Given entries:
Lemma dot_lin_sq m P Q u v :
  dot m (fun i => P * u i + Q * v i) (fun i => P * u i + Q * v i)
  = P ^ 2 * dot m u u + Q ^ 2 * dot m v v + 2 * P * Q * dot m u v.
Proof.
  rewrite dot_lin_l, (dot_comm m u), (dot_comm m v), !dot_lin_l, (dot_comm m v u). ring.
Qed.

Lemma dot_trmat m n M y z : dot n (mulv m (trmat M) y) z = dot m y (mulv n M z).
Proof.
  unfold dot, mulv, trmat.
  transitivity (rsum n (fun j => rsum m (fun i => M i j * y i * z j))).
  { apply rsum_ext; intros. rewrite Rmult_comm, <- rsum_scal. apply rsum_ext; intros; ring. }
  rewrite rsum_swap. apply rsum_ext; intros. rewrite <- rsum_scal. apply rsum_ext; intros; ring.
Qed.

Lemma Cauchy_Schwarz m u v : (dot m u v) ^ 2 <= dot m u u * dot m v v.
Proof.
  set (A := dot m u u); set (B := dot m u v); set (C := dot m v v).
  assert (Hquad : forall t, 0 <= A + 2 * t * B + t ^ 2 * C).
  { intro t. pose proof (dot_nonneg m (fun i => 1 * u i + t * v i)) as E.
    rewrite dot_lin_sq in E. fold A B C in E. lra. }
  assert (HC : 0 <= C) by apply dot_nonneg.
  destruct (Req_dec C 0) as [C0|C0].
  - destruct (Req_dec B 0) as [B0|B0].
    + rewrite B0, C0. lra.
    + specialize (Hquad (- (A + 1) / (2 * B))). rewrite C0 in Hquad.
      replace (A + 2 * (- (A + 1) / (2 * B)) * B + (- (A + 1) / (2 * B)) ^ 2 * 0) with (-1)
        in Hquad by (field; auto). lra.
  - specialize (Hquad (- B / C)).
    replace (A + 2 * (- B / C) * B + (- B / C) ^ 2 * C) with ((A * C - B ^ 2) / C)
      in Hquad by (field; auto).
    assert (0 <= (A * C - B ^ 2) / C * C) by (apply Rmult_le_pos; lra).
    replace ((A * C - B ^ 2) / C * C) with (A * C - B ^ 2) in * by (field; auto). lra.
Qed.
(* Fix a constant $p>0$. Let $q(k,m)$ be any function with $q(k,m)/(km)\to 0$ as $k,m\to\infty$ simultaneously. Then there is no randomized algorithm that, for every instance $M$ of the Anomalous Row Problem of size $k\times m$, probes at most $q(k,m)$ cells of $M$ and outputs the index of the anomalous row with probability at least $p$.
   Context: Anomalous Row Problem: the input is a matrix $M\in\mathbb{F}_2^{k\times m}$ (with $m\ge k+1$) such that every row except one contains exactly $k+1$ zero entries, and the remaining row (the anomalous row) contains exactly $k$ zero entries; the task is to find the anomalous row. The algorithm accesses $M$ only by probing individual cells (each probe reveals one entry). A randomized algorithm may use internal random coins; the success probability is over these coins and must hold for every valid input. *)

From HB Require Import structures.
From mathcomp Require Import all_boot all_order ssralg ssrnum matrix.
From mathcomp Require Import reals.
Set Implicit Arguments. Unset Strict Implicit. Unset Printing Implicit Defensive.
Import Order.TTheory GRing.Theory Num.Theory.
Local Open Scope ring_scope.

(* Matrices over F_2, entries represented as booleans (false = 0, true = 1). *)
Definition zeros_in_row (k m : nat) (M : 'M[bool]_(k, m)) (i : 'I_k) : nat :=
  #|[set j : 'I_m | M i j == false]|.

Definition anomalous_row (k m : nat) (M : 'M[bool]_(k, m)) (i : 'I_k) : bool :=
  (zeros_in_row M i == k) &&
  [forall j : 'I_k, (j != i) ==> (zeros_in_row M j == k.+1)].

Definition ARP_instance (k m : nat) (M : 'M[bool]_(k, m)) : Prop :=
  (k.+1 <= m)%N /\ exists i, anomalous_row M i.

(* Deterministic adaptive probing algorithms = decision trees: an inner node
   probes cell (r, c) and branches on the revealed bit; a leaf outputs a row
   index (or None = no answer). *)
Inductive dtree (k m : nat) : Type :=
| Leaf of option 'I_k
| Probe of 'I_k & 'I_m & dtree k m & dtree k m.  (* (r, c, if 0, if 1) *)

Fixpoint dt_output (k m : nat) (t : dtree k m) (M : 'M[bool]_(k, m)) : option 'I_k :=
  match t with
  | Leaf o => o
  | Probe r c t0 t1 => if M r c then dt_output t1 M else dt_output t0 M
  end.

Fixpoint dt_probes (k m : nat) (t : dtree k m) (M : 'M[bool]_(k, m)) : nat :=
  match t with
  | Leaf _ => 0
  | Probe r c t0 t1 => (if M r c then dt_probes t1 M else dt_probes t0 M).+1
  end.

(* A randomized algorithm: a (finitely supported) probability distribution
   over deterministic decision trees (the tree selected by the internal
   coins): outcome o : 'I_n has probability weight o and runs tree o. *)
Record rand_alg (R : realType) (k m : nat) := RandAlg {
  ra_n : nat;
  ra_weight : 'I_ra_n -> R;
  ra_tree : 'I_ra_n -> dtree k m }.

Definition is_distribution (R : realType) (k m : nat) (A : rand_alg R k m) : Prop :=
  (forall o : 'I_(ra_n A), 0 <= @ra_weight R k m A o) /\ \sum_(o < ra_n A) @ra_weight R k m A o = 1.

Definition success_prob (R : realType) (k m : nat) (A : rand_alg R k m)
    (M : 'M[bool]_(k, m)) : R :=
  \sum_(o < ra_n A) @ra_weight R k m A o *
     (if dt_output (@ra_tree R k m A o) M is Some i then
        (if anomalous_row M i then 1 else 0) else 0).

Definition probes_at_most (R : realType) (k m : nat) (A : rand_alg R k m)
    (M : 'M[bool]_(k, m)) (Q : R) : Prop :=
  forall o : 'I_(ra_n A), 0 < @ra_weight R k m A o -> (dt_probes (@ra_tree R k m A o) M)%:R <= Q.

(* On the instances with all entries 1 except a single 0 at cell c, the
   anomalous row is the row of c, and with at most n probes a decision tree
   sees the instance as the all-zero matrix unless c is among the first n
   cells probed on the all-zero input.  So it answers correctly on at most
   n + m of the k*m such instances, and averaging over the coins bounds the
   total success probability by q(k,m) + m, far below p*k*m for large k. *)
From HB Require Import structures.
From mathcomp Require Import all_boot all_order ssralg ssrnum matrix.
From mathcomp Require Import reals archimedean lra.
Import Order.TTheory GRing.Theory Num.Theory.
Set Implicit Arguments. Unset Strict Implicit.

Section DecisionTrees.
Variables k m : nat.

(* The entry [true] encodes a 1 of F_2, so [point_mx c] has its only zero at c. *)
Definition point_mx (c : 'I_k * 'I_m) : 'M[bool]_(k, m) :=
  \matrix_(r, s) ((r, s) == c).

Fixpoint zero_path (t : dtree k m) : seq ('I_k * 'I_m) :=
  if t is Probe r s t0 _ then (r, s) :: zero_path t0 else [::].

Lemma dt_output_point_mx (t : dtree k m) (n : nat) (c : 'I_k * 'I_m) :
  c \notin take n (zero_path t) -> (dt_probes t (point_mx c) <= n)%N ->
  dt_output t (point_mx c) = dt_output t (const_mx false).
Proof.
elim: t n => [o|r s t0 IH0 t1 IH1] [|n] //=.
rewrite inE negb_or !mxE eq_sym => /andP[/negbTE -> c_notin].
exact: IH0.
Qed.

Lemma zeros_in_row_point_mx (c : 'I_k * 'I_m) (i : 'I_k) :
  zeros_in_row (point_mx c) i = if i == c.1 then m.-1 else m.
Proof.
rewrite /zeros_in_row; case: c => [a b] /=.
have [->|i_neq_a] := eqVneq i a.
  rewrite -[m in RHS]card_ord -(cardsC1 b); apply: eq_card => j.
  by rewrite !inE mxE xpair_eqE eqxx eqbF_neg.
rewrite -[m in RHS]card_ord -cardsT; apply: eq_card => j.
by rewrite !inE mxE xpair_eqE (negbTE i_neq_a).
Qed.

Local Open Scope nat_scope.

Lemma sum_correct_point_mx_le (t : dtree k m) (n : nat) :
  (forall c, dt_probes t (point_mx c) <= n) ->
  \sum_(c : 'I_k * 'I_m) (dt_output t (point_mx c) == Some c.1) <= n + m.
Proof.
move=> probes_le; set s := take n (zero_path t).
set o0 := dt_output t (const_mx false).
have correct_le c :
    (dt_output t (point_mx c) == Some c.1) <= (c \in s) + (o0 == Some c.1).
  have [//|c_notin] := boolP (c \in s); first by case: (_ == _).
  by rewrite (dt_output_point_mx c_notin (probes_le c)).
apply: leq_trans (_ : _ <= \sum_c ((c \in s) + (o0 == Some c.1))) _.
  by apply: leq_sum => c _; apply: correct_le.
rewrite big_split /=; apply: leq_add.
  rewrite (eq_bigr (fun c => if c \in s then 1 else 0)) => [|c _]; last first.
    by case: (c \in s).
  rewrite -big_mkcond sum1_card; apply: leq_trans (card_size s) _.
  by rewrite size_take_min geq_minl.
rewrite -(pair_bigA _ (fun a _ => (o0 == Some a) : nat)) /=.
under eq_bigr do rewrite sum_nat_const card_ord.
rewrite -big_distrr /= -[leqRHS]muln1 leq_mul2l; apply/orP; right.
clear correct_le; case: o0 => [i|]; last by rewrite big1.
rewrite (bigD1 i) //= eqxx big1 // => j.
by rewrite -[Some i == Some j]/(i == j) eq_sym => /negbTE ->.
Qed.

End DecisionTrees.

Section SquareInstances.
Variable k : nat.

Lemma anomalous_row_point_mx (c : 'I_k * 'I_k.+1) (i : 'I_k) :
  anomalous_row (point_mx c) i = (i == c.1).
Proof.
rewrite /anomalous_row zeros_in_row_point_mx /=.
have [->|i_neq] := eqVneq i c.1; last by rewrite eqn_leq ltnn.
rewrite eqxx; apply/forallP => j; apply/implyP => /negbTE j_neq.
by rewrite zeros_in_row_point_mx j_neq.
Qed.

Lemma ARP_instance_point_mx (c : 'I_k * 'I_k.+1) : ARP_instance (point_mx c).
Proof. by split=> //; exists c.1; rewrite anomalous_row_point_mx. Qed.

Local Open Scope ring_scope.
Variable R : realType.

Lemma success_prob_point_mx (A : rand_alg R k k.+1) (c : 'I_k * 'I_k.+1) :
  success_prob A (point_mx c) =
  \sum_(o < ra_n A) ra_weight o *
     (dt_output (ra_tree o) (point_mx c) == Some c.1)%:R.
Proof.
apply: eq_bigr => o _; congr (_ * _).
case: (dt_output _ _) => [i|] //=; rewrite anomalous_row_point_mx.
by rewrite -[Some i == Some c.1]/(i == c.1); case: (i == c.1).
Qed.

Lemma sum_success_prob_point_mx_le (A : rand_alg R k k.+1) (Q : R) :
  (0 < k)%N -> is_distribution A ->
  (forall c, probes_at_most A (point_mx c) Q) ->
  \sum_(c : 'I_k * 'I_k.+1) success_prob A (point_mx c) <= Q + k.+1%:R.
Proof.
move=> k_gt0 [w_ge0 w_sum1] probes_le.
under eq_bigr do rewrite success_prob_point_mx.
rewrite exchange_big /=.
apply: le_trans (_ : _ <= \sum_(o < ra_n A) ra_weight o * (Q + k.+1%:R)) _; last first.
  by rewrite -mulr_suml w_sum1 mul1r.
apply: ler_sum => o _; rewrite -mulr_sumr.
have [w_gt0|w_le0] := ltP 0 (ra_weight o); last first.
  by rewrite (@le_anti _ _ (ra_weight o) 0) ?w_le0 ?w_ge0 ?mul0r.
rewrite ler_pM2l // -natr_sum.
pose n := \max_(c : 'I_k * 'I_k.+1) dt_probes (ra_tree o) (point_mx c).
have [c0 n_eq] : {c0 | n = dt_probes (ra_tree o) (point_mx c0)}.
  by apply: bigop.eq_bigmax; rewrite card_prod !card_ord muln_gt0 k_gt0.
apply: le_trans (_ : (n + k.+1)%:R <= _).
  by rewrite ler_nat sum_correct_point_mx_le // => c; apply: leq_bigmax.
by rewrite natrD lerD2r n_eq probes_le.
Qed.

End SquareInstances.

Local Open Scope ring_scope.

Theorem theorem3 (R : realType) (p : R) (q : nat -> nat -> R) :
  0 < p ->
  (forall eps : R, 0 < eps -> exists N : nat, forall k m : nat,
       (N <= k)%N -> (N <= m)%N -> `|q k m / (k * m)%:R| <= eps) ->
  ~ exists A : forall k m : nat, rand_alg R k m,
      forall k m : nat,
        is_distribution (A k m) /\
        forall M : 'M[bool]_(k, m), ARP_instance M ->
          probes_at_most (A k m) M (q k m) /\ p <= success_prob (A k m) M.
Proof.
move=> p_gt0 q_small [A A_solves].
have [N q_le] := q_small _ (divr_gt0 p_gt0 (ltr0n R 3)).
pose B := Num.Def.archi_bound (3 / p).
have B_gt : 3 / p < B%:R by apply: archi_boundP; rewrite ltW // divr_gt0.
pose k := (maxn N B).+1.
have N_le_k : (N <= k)%N by rewrite ltnW // ltnS leq_maxl.
have B_le_k : (B <= k)%N by rewrite ltnW // ltnS leq_maxr.
have [distrA solvesA] := A_solves k k.+1.
have total_ge : p *+ (k * k.+1) <=
    \sum_(c : 'I_k * 'I_k.+1) success_prob (A k k.+1) (point_mx c).
  have -> : (k * k.+1)%N = #|{: 'I_k * 'I_k.+1}| by rewrite card_prod !card_ord.
  rewrite -sumr_const; apply: ler_sum => c _.
  by have [_ ->] := solvesA _ (ARP_instance_point_mx c).
have total_le := sum_success_prob_point_mx_le (ltn0Sn _) distrA
  (fun c => (solvesA _ (ARP_instance_point_mx c)).1).
have q_le_km : q k k.+1 <= p / 3 * (k * k.+1)%:R.
  rewrite -ler_pdivrMr ?ltr0n ?muln_gt0 //; apply: le_trans (ler_norm _) _.
  by apply: q_le; rewrite // (leq_trans N_le_k).
have pk_gt3 : 3 < k%:R * p.
  rewrite -ltr_pdivrMr //; apply: lt_le_trans B_gt _.
  by rewrite ler_nat.
move: total_ge total_le q_le_km pk_gt3.
rewrite -mulr_natr !natrM -addn1 natrD.
have : 0 < k%:R :> R by rewrite ltr0n.
nra.
Qed.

Exercise goal: Exactly the lines above from the one with "case: (dt_output _" to the one with "rewrite exchange_big /=.", both included, are to be quoted; leave the rest out.

Response area:
case: (dt_output _ _) => [i|] //=; rewrite anomalous_row_point_mx.
by rewrite -[Some i == Some c.1]/(i == c.1); case: (i == c.1).
Qed.

Lemma sum_success_prob_point_mx_le (A : rand_alg R k k.+1) (Q : R) :
  (0 < k)%N -> is_distribution A ->
  (forall c, probes_at_most A (point_mx c) Q) ->
  \sum_(c : 'I_k * 'I_k.+1) success_prob A (point_mx c) <= Q + k.+1%:R.
Proof.
move=> k_gt0 [w_ge0 w_sum1] probes_le.
under eq_bigr do rewrite success_prob_point_mx.
rewrite exchange_big /=.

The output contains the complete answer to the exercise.